One widely circulating myth states that if going to countries with high disease prevalence, enrollment need not be a concern. While many in the clinical recruitment business believe this to be true, the facts do not support the myth. McDonald notes the following:

- Every country requires a different approach.

- Logistically speaking, global studies will always present more of a challenge to recruiters.

- Regulatory approval timelines will often delay FPI dates.

- The FDA will regulate the amount of data from particular countries.

- And consent often involves buy-in from multiple individuals.

McDonald also notes that despite claims from local CROs, the BRIC countries (Brazil, Russia, India, and China) are not always the answer. “When operating in these countries, religious, cultural, and socio-economic conditions, as well as languages spoken and communication channels, can make trials difficult,” he says. “Additionally, ethics committee structure and approval timelines can be a challenge. Long story short, if you do not have a recruitment plan in place, your trial may be in trouble before it even starts.”

Myth #2: Regulators And Ethics Committees In Many Ex-US Countries Don't Allow Patient Recruitment

The facts here are pretty clear. First, most countries have not regulated patient recruitment. DAC, for example, has yet to have a patient recruitment strategy rejected by local ethics committees. "Often, it is not regulatory obstacles, but cultural ones, that make a particular initiative inappropriate for a country," he says. "In addition, when planning patient recruitment programs, we put a heavy emphasis on adoption rates. Meaning, do the sites actually use the patient recruitment materials, tools and resources provided. I have seen local CRAs reject a strategy that local sites embrace. To help overcome this problem, DAC has developed a matrix with adoption rates and effectiveness data for different strategies in different countries."

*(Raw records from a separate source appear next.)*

(* Let $g\colon\mathbb R^d\to[0,+\infty)$ be a proper log-concave function whose support contains the origin in its interior. Then a set $U\subset\mathbb R^d$ is star-like with respect to $g$ if and only if $\langle p,u\rangle>-1$ for all $u\in U\cap\operatorname{supp}g$ and all $p\in\partial(-\ln g)(u)$.
   Context: $\operatorname{supp}g=\{x:g(x)>0\}$; proper: upper semi-continuous with finite positive integral. $\partial\psi(u)=\{p:\psi(y)\ge\psi(u)+\langle p,y-u\rangle\ \forall y\}$. Lifting $\mathrm{lift}(g)=\{(x,y)\in\mathbb R^d\times\mathbb R:x\in\overline{\operatorname{supp}g},|y|\le g(x)\}$. Fréchet normal cone $N_A(a_0)=\{v:\forall\varepsilon>0\,\exists\delta>0:\langle v,a-a_0\rangle\le\varepsilon|a-a_0|\ \forall a\in A,|a-a_0|\le\delta\}$. $U$ is star-like with respect to $g$ if for every $u\in U\cap\operatorname{supp}g$, $\langle(u,g(u)),\bar v\rangle>0$ for all nonzero $\bar v\in N_{\mathrm{lift}(g)}((u,g(u)))$. *)

From HB Require Import structures.
From mathcomp Require Import all_boot all_order all_algebra.
From mathcomp Require Import all_classical all_reals all_analysis.
Set Implicit Arguments. Unset Strict Implicit. Unset Printing Implicit Defensive.
Import Order.TTheory GRing.Theory Num.Theory.
Import numFieldNormedType.Exports.
Local Open Scope classical_set_scope.
Local Open Scope ring_scope.

Section Defs.
Variable R : realType.

Definition dotv (d : nat) (x y : 'rV[R]_d) : R := \sum_(i < d) x ord0 i * y ord0 i.
Definition enorm (d : nat) (x : 'rV[R]_d) : R := Num.sqrt (dotv x x).

Definition dotp (d : nat) (a b : 'rV[R]_d * R) : R := dotv a.1 b.1 + a.2 * b.2.
Definition enormp (d : nat) (a : 'rV[R]_d * R) : R := Num.sqrt (dotp a a).

Definition supp (d : nat) (g : 'rV[R]_d -> R) : set 'rV[R]_d := [set x | 0 < g x].

Fixpoint iter_integral (n : nat) : ('rV[R]_n -> \bar R) -> \bar R :=
  match n return ('rV[R]_n -> \bar R) -> \bar R with
  | 0%N => fun f => f 0
  | n'.+1 => fun f =>
      (\int[@lebesgue_measure R]_(t in setT)
         iter_integral (fun v : 'rV[R]_n' => f (row_mx (t%:M : 'rV[R]_1) v)))%E
  end.

Definition upper_semicontinuous (d : nat) (g : 'rV[R]_d -> R) : Prop :=
  forall x t, g x < t -> \forall y \near x, g y < t.

Definition proper_fun (d : nat) (g : 'rV[R]_d -> R) : Prop :=
  upper_semicontinuous g /\
  (0 < iter_integral (fun x => (g x)%:E))%E /\
  (iter_integral (fun x => (g x)%:E) < +oo)%E.

Definition log_concave (d : nat) (g : 'rV[R]_d -> R) : Prop :=
  forall x y (l : R), 0 < l < 1 ->
    powR (g x) (1 - l) * powR (g y) l <= g ((1 - l) *: x + l *: y).

Definition neglog (d : nat) (g : 'rV[R]_d -> R) (x : 'rV[R]_d) : \bar R :=
  if 0 < g x then (- ln (g x))%:E else +oo%E.

Definition subdiff (d : nat) (psi : 'rV[R]_d -> \bar R) (u : 'rV[R]_d) : set 'rV[R]_d :=
  [set p | forall y, (psi u + (dotv p (y - u))%:E <= psi y)%E].

Definition lift (d : nat) (g : 'rV[R]_d -> R) : set ('rV[R]_d * R) :=
  [set a | closure (supp g) a.1 /\ `|a.2| <= g a.1].

Definition frechet_normal (d : nat) (A : set ('rV[R]_d * R)) (a0 : 'rV[R]_d * R)
  : set ('rV[R]_d * R) :=
  [set v | forall eps : R, 0 < eps -> exists2 delta : R, 0 < delta &
     forall a, A a -> enormp (a - a0) <= delta ->
       dotp v (a - a0) <= eps * enormp (a - a0)].

Definition star_like (d : nat) (U : set 'rV[R]_d) (g : 'rV[R]_d -> R) : Prop :=
  forall u, U u -> supp g u ->
    forall v, frechet_normal (lift g) (u, g u) v -> v != 0 ->
      0 < dotp (u, g u) v.

End Defs.

From Pilot Require Import Defs.
From HB Require Import structures.
From mathcomp Require Import all_boot all_order all_algebra.
From mathcomp Require Import all_classical all_reals all_analysis.
From mathcomp Require Import ring lra.
Set Implicit Arguments. Unset Strict Implicit. Unset Printing Implicit Defensive.
Import Order.TTheory GRing.Theory Num.Theory.
Import numFieldNormedType.Exports.
Local Open Scope classical_set_scope.
Local Open Scope ring_scope.

(* A Fréchet normal (w, t) to lift g at (u, g u) has t >= 0, as lift g contains the
   vertical segment below (u, g u).  By log-concavity lift g also contains the points
   (u + l (x - u), g u (1 + l L)) with L = ln g x - ln g u and l small, which yields
   <w, x - u> + t g(u) L <= 0 for all x in supp g.  For t > 0 this says exactly that
   w / (t g u) is a subgradient of -ln g at u; conversely every subgradient p gives the
   normal (g u p, 1).  In both cases <(u, g u), (w, t)> is a positive multiple of
   1 + <p, u>.  For t = 0 the vector w is nonzero and <w, x - u> <= 0 on supp g, and
   testing x = eps w near the origin gives <w, u> > 0. *)

Section RealInequalities.
Context {R : realType}.

Lemma lnB_le_divB1 (a b : R) : 0 < a -> 0 < b -> ln a - ln b <= a / b - 1.
Proof.
move=> a0 b0; have := expR_ge1Dx (ln a - ln b).
by rewrite expRD expRN !lnK ?posrE //; lra.
Qed.

Lemma le0_of_le_eps_mul (x y : R) : 0 <= y -> (forall e, 0 < e -> x <= e * y) -> x <= 0.
Proof.
move=> y0 xle; apply/ler_addgt0Pr => e e0; rewrite add0r.
have y1 : 0 < y + 1 by lra.
apply: (le_trans (xle _ (divr_gt0 e0 y1))).
by rewrite mulrAC ler_pdivrMr // ler_wpM2l ?(ltW e0) //; lra.
Qed.

Lemma ler_dev_ratio (a y r e : R) :
  0 < a -> a / 2 <= y -> `|y - a| <= r -> r <= e * a / 2 ->
  a * (a / y - 1) + (y - a) <= e * r.
Proof.
move=> a0 ya yar rea; have y0 : 0 < y by lra.
have -> : a * (a / y - 1) + (y - a) = (y - a) ^+ 2 / y.
  by field; rewrite gt_eqF.
rewrite ler_pdivrMr //.
have [r1 r2] : y - a <= r /\ a - y <= r by move: yar; rewrite ler_norml; lra.
have sq : (y - a) ^+ 2 <= r ^+ 2 by nra.
have r0 : 0 <= r by lra.
have re0 : 0 <= r * e.
  by rewrite mulr_ge0 // -(pmulr_lge0 _ a0); lra.
have h1 : r ^+ 2 <= r * (e * a / 2) by rewrite expr2 ler_wpM2l.
have h2 : r * (e * a / 2) <= e * r * y.
  have : 0 <= r * e * (y - a / 2) by rewrite mulr_ge0 //; lra.
  nra.
exact: le_trans sq (le_trans h1 h2).
Qed.

End RealInequalities.

Section InnerProduct.
Context {R : realType} {d : nat}.
Implicit Types (x y z : 'rV[R]_d) (a : 'rV[R]_d * R).

Lemma dotvC x y : dotv x y = dotv y x.
Proof. by apply: eq_bigr => i _; rewrite mulrC. Qed.

Lemma dotvDr x y z : dotv x (y + z) = dotv x y + dotv x z.
Proof. by rewrite /dotv -big_split; apply: eq_bigr => i _; rewrite !mxE mulrDr. Qed.

Lemma dotvZr x (c : R) y : dotv x (c *: y) = c * dotv x y.
Proof. by rewrite /dotv mulr_sumr; apply: eq_bigr => i _; rewrite !mxE mulrCA. Qed.

Lemma dotvZl x (c : R) y : dotv (c *: x) y = c * dotv x y.
Proof. by rewrite dotvC dotvZr dotvC. Qed.

Lemma dotv0r x : dotv x 0 = 0.
Proof. by rewrite -(scale0r 0) dotvZr mul0r. Qed.

Lemma dotvBr x y z : dotv x (y - z) = dotv x y - dotv x z.
Proof. by rewrite dotvDr -scaleN1r dotvZr mulN1r. Qed.

Lemma dotv_ge0 x : 0 <= dotv x x.
Proof. by apply: sumr_ge0 => i _; rewrite -expr2 sqr_ge0. Qed.

Lemma dotv_gt0 x : x != 0 -> 0 < dotv x x.
Proof.
move=> x0; rewrite lt_def dotv_ge0 andbT; apply: contra x0 => /eqP xx0.
apply/eqP/rowP => i; rewrite mxE.
have sq_ge0 j : predT j -> 0 <= x ord0 j * x ord0 j by rewrite -expr2 sqr_ge0.
have /eqP := @psumr_eq0P _ _ predT _ sq_ge0 xx0 i isT.
by rewrite mulf_eq0 orbb => /eqP.
Qed.

Lemma dotpZr a (c : R) x (s : R) : dotp a (c *: x, c * s) = c * dotp a (x, s).
Proof. by rewrite /dotp /= dotvZr mulrDr mulrCA. Qed.

Lemma pairB (x y : 'rV[R]_d) (s t : R) : (x, s) - (y, t) = (x - y, s - t).
Proof. by []. Qed.

Lemma enormp_ge0 a : 0 <= enormp a.
Proof. exact: sqrtr_ge0. Qed.

Lemma normr_le_enormp a : `|a.2| <= enormp a.
Proof.
rewrite /enormp /dotp -sqrtr_sqr ler_sqrt -?expr2 ?lerDr ?dotv_ge0 //.
by rewrite addr_ge0 ?dotv_ge0 ?sqr_ge0.
Qed.

Lemma enormpZ (c : R) x (s : R) : 0 <= c -> enormp (c *: x, c * s) = c * enormp (x, s).
Proof.
move=> c0; rewrite /enormp /dotp /= dotvZl dotvZr.
have -> : c * (c * dotv x x) + c * s * (c * s) = c ^+ 2 * (dotv x x + s * s) by ring.
by rewrite sqrtrM ?sqr_ge0 // sqrtr_sqr ger0_norm.
Qed.

End InnerProduct.

Section FrechetNormal.
Context {R : realType} {d : nat}.

Lemma frechet_normal_segment (A : set ('rV[R]_d * R)) (x0 z : 'rV[R]_d) (y0 c l0 : R)
    (v : 'rV[R]_d * R) :
  0 < l0 -> (forall l, 0 < l <= l0 -> A (x0 + l *: z, y0 + l * c)) ->
  frechet_normal A (x0, y0) v -> dotp v (z, c) <= 0.
Proof.
move=> l00 Aseg nv; apply: le0_of_le_eps_mul (enormp_ge0 (z, c)) _ => e e0.
have [del del0 Hdel] := nv e e0.
have zc1 : 0 < enormp (z, c) + 1 by have := enormp_ge0 (z, c); lra.
set l := Num.min l0 (del / (enormp (z, c) + 1)).
have l0' : 0 < l by rewrite lt_min l00 divr_gt0.
have lzc : l * enormp (z, c) <= del.
  have : l <= del / (enormp (z, c) + 1) by rewrite ge_min lexx orbT.
  rewrite ler_pdivlMr // => ldel.
  by apply: le_trans ldel; rewrite ler_wpM2l ?(ltW l0') //; lra.
have := Hdel _ (Aseg l _).
rewrite pairB [x0 + _]addrC [y0 + _]addrC !addrK enormpZ ?(ltW l0') // dotpZr.
rewrite ge_min lexx l0' => /(_ isT lzc).
by rewrite mulrCA ler_pM2l.
Qed.

Lemma interior_dotv_gt0 (S : set 'rV[R]_d) (u w : 'rV[R]_d) :
  interior S 0 -> (forall x, S x -> dotv w (x - u) <= 0) -> w != 0 ->
  0 < dotv w u.
Proof.
move=> /nbhs_norm0P [e /= e0 Se] Sw w0.
have w1 : 0 < 2 * (`|w| + 1) by have := normr_ge0 w; lra.
set eta := e / (2 * (`|w| + 1)).
have eta0 : 0 < eta by rewrite divr_gt0.
have eta_w : `|eta *: w| < e.
  rewrite normrZ gtr0_norm // /eta mulrAC ltr_pdivrMr //.
  by rewrite ltr_pM2l //; lra.
have := Sw _ (Se _ eta_w); rewrite dotvBr dotvZr.
by have := dotv_gt0 w0; nra.
Qed.

End FrechetNormal.

Section Lift.
Context {R : realType} {d : nat} (g : 'rV[R]_d -> R).

Lemma frechet_normal_lift_ge0 (u w : 'rV[R]_d) (t : R) :
  0 < g u -> frechet_normal (Defs.lift g) (u, g u) (w, t) -> 0 <= t.
Proof.
move=> gu0 nv.
have vertical l : 0 < l <= g u -> Defs.lift g (u + l *: 0, g u + l * -1).
  move=> /andP[l0 lgu]; rewrite scaler0 addr0; split.
  - by apply: subset_closure; exact: gu0.
  - by rewrite /= ger0_norm; lra.
have := frechet_normal_segment gu0 vertical nv.
by rewrite /dotp /= dotv0r add0r mulrN1 oppr_le0.
Qed.

Lemma frechet_normal_lift_of_subdiff (u p : 'rV[R]_d) :
  0 < g u -> subdiff (neglog g) u p -> frechet_normal (Defs.lift g) (u, g u) (g u *: p, 1).
Proof.
move=> gu0 hp e e0.
exists (Num.min (g u / 2) (e * g u / 2)); first by rewrite lt_min !divr_gt0 ?mulr_gt0.
case=> x y [_ hy]; rewrite pairB le_min => /andP[r1 r2].
have /= ry := normr_le_enormp (x - u, y - g u).
set r := enormp _ in ry r1 r2 *.
have yu : g u / 2 <= y by move: (le_trans ry r1); rewrite ler_norml; lra.
have y0 : 0 < y by lra.
have yx : y <= g x by apply: le_trans hy; apply: ler_norm.
have gx0 : 0 < g x := lt_le_trans y0 yx.
have := hp x; rewrite /neglog gu0 gx0 lee_fin => sub.
have lnyx : ln y <= ln (g x) by rewrite ler_ln.
have lnuy := lnB_le_divB1 gu0 y0.
rewrite /dotp /= dotvZl mul1r.
(* the Fréchet error is at most (y - g u)^2 / y, which is of second order *)
apply: le_trans (ler_dev_ratio gu0 yu ry r2).
by rewrite lerD2r ler_pM2l //; lra.
Qed.

Hypothesis g_logc : log_concave g.

Lemma log_concave_expR (u x : 'rV[R]_d) (l : R) :
  0 < g u -> 0 < g x -> 0 < l < 1 ->
  g u * expR (l * (ln (g x) - ln (g u))) <= g ((1 - l) *: u + l *: x).
Proof.
move=> gu0 gx0 l01; have := g_logc u x l01.
rewrite /powR (gt_eqF gu0) (gt_eqF gx0) -expRD.
have -> : (1 - l) * ln (g u) + l * ln (g x) = ln (g u) + l * (ln (g x) - ln (g u)).
  by ring.
by rewrite expRD lnK ?posrE.
Qed.

Lemma frechet_normal_lift_subgrad (u x w : 'rV[R]_d) (t : R) :
  0 < g u -> 0 < g x -> frechet_normal (Defs.lift g) (u, g u) (w, t) ->
  dotv w (x - u) + t * (g u * (ln (g x) - ln (g u))) <= 0.
Proof.
move=> gu0 gx0 nv; set L := ln (g x) - ln (g u).
have L2 : 0 < `|L| + 2 by have := normr_ge0 L; lra.
have /andP[NL LL] : - `|L| <= L <= `|L| by rewrite -ler_norml.
have segment l : 0 < l <= (`|L| + 2)^-1 ->
    Defs.lift g (u + l *: (x - u), g u + l * (g u * L)).
  move=> /andP[l0]; rewrite -[_^-1]div1r ler_pdivlMr // => lL.
  have l01 : 0 < l < 1 by apply/andP; split; nra.
  have lL1 : 0 < 1 + l * L by nra.
  have -> : u + l *: (x - u) = (1 - l) *: u + l *: x.
    by rewrite scalerBr scalerBl scale1r addrA addrAC.
  have -> : g u + l * (g u * L) = g u * (1 + l * L) by ring.
  have below : g u * (1 + l * L) <= g ((1 - l) *: u + l *: x).
    by apply: le_trans (log_concave_expR gu0 gx0 l01); rewrite ler_pM2l // expR_ge1Dx.
  split; last by rewrite /= ger0_norm // mulr_ge0 // ltW.
  by apply: subset_closure; apply: lt_le_trans below; rewrite mulr_gt0.
have := frechet_normal_segment _ segment nv.
by rewrite invr_gt0 => /(_ L2).
Qed.

Lemma frechet_normal_lift_subdiff (u w : 'rV[R]_d) (t : R) :
  0 < g u -> 0 < t -> frechet_normal (Defs.lift g) (u, g u) (w, t) ->
  subdiff (neglog g) u ((t * g u)^-1 *: w).
Proof.
move=> gu0 t0 nv y; rewrite /neglog gu0; case: ifPn => gy; last by rewrite leey.
have sub := frechet_normal_lift_subgrad gu0 gy nv.
have c0 : 0 < t * g u by rewrite mulr_gt0.
rewrite lee_fin dotvZl -(ler_pM2l c0) mulrDr mulrA mulfV ?gt_eqF // mul1r.
by lra.
Qed.

End Lift.

Unset Implicit Arguments.

Theorem mainTheorem9 (R : realType) (d : nat) (g : 'rV[R]_d -> R)
  (g_ge0 : forall x, 0 <= g x)
  (g_proper : proper_fun g)
  (g_logc : log_concave g)
  (g_int0 : interior (supp g) 0)
  (U : set 'rV[R]_d) :
  star_like U g <->
  (forall u, U u -> supp g u ->
     forall p, subdiff (neglog g) u p -> -1 < dotv p u).
Proof.
split => [starU u Uu gu0 p p_sub | subU u Uu gu0 [w t] nv vnz].
- have nz : (g u *: p, 1 : R) != 0 by apply/negP => /eqP [] _ /eqP; rewrite oner_eq0.
  have := starU u Uu gu0 _ (frechet_normal_lift_of_subdiff gu0 p_sub) nz.
  rewrite /dotp /= dotvZr dotvC mulr1 -[X in 0 < _ + X]mulr1 -mulrDr pmulr_rgt0 //.
  by lra.
- rewrite /dotp /= dotvC.
  have := frechet_normal_lift_ge0 gu0 nv; rewrite le_eqVlt => /predU1P[t0 | t_gt0].
  + rewrite -t0 mulr0 addr0 in nv vnz *.
    apply: interior_dotv_gt0 g_int0 _ _.
    * move=> x gx0; have := frechet_normal_lift_subgrad g_logc gu0 gx0 nv.
      by rewrite mul0r addr0.
    * by apply: contraNneq vnz => ->.
  + have := subU u Uu gu0 _ (frechet_normal_lift_subdiff g_logc gu0 t_gt0 nv).
    have c0 : 0 < t * g u by rewrite mulr_gt0.
    rewrite dotvZl -(ltr_pM2l c0) mulrA mulfV ?gt_eqF // mul1r.
    by lra.
Qed.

Myth #3: Use The Same Feasibility Approach Everywhere

Many believe that if the PI is English speaking, companies can just keep using the same feasibility template. This myth has been around for some time, but McDonald notes the facts show a grassroots approach may be necessary in certain countries. On the positive side, a growing number of data driven resources are available. "To help manage this, we recommend on-site visits and in-person sponsor visits, which provide many benefits,” he says. “Also be sure to determine availability of onsite CRC and be sure to consider accessibility."

McDonald also recommends that you consider the catchment area around the site, referral patterns, and of course location. PI's in tier 2 and 3 cities often enroll better. He also finds it helpful to consider critical site support personnel availability, and to be sensitive to regional compensation differences. "Don't forget about back-up sites," he adds. "They should be included in your plan as well as your regulatory application. It is always a good idea to apply for more patients than are actually needed." 

Finally, McDonald always recommends taking a proactive approach to recruitment planning. The rescue of a study that does not have a recruitment plan in place can cost a company millions. With a proactive plan in place, the savings for a company can be as high as 160 to 280%. “Proactive planning just makes sense,” he says. “When you look at the cost of a clinical trial today, companies can no longer afford to not make proactive recruitment a part of their planning process.”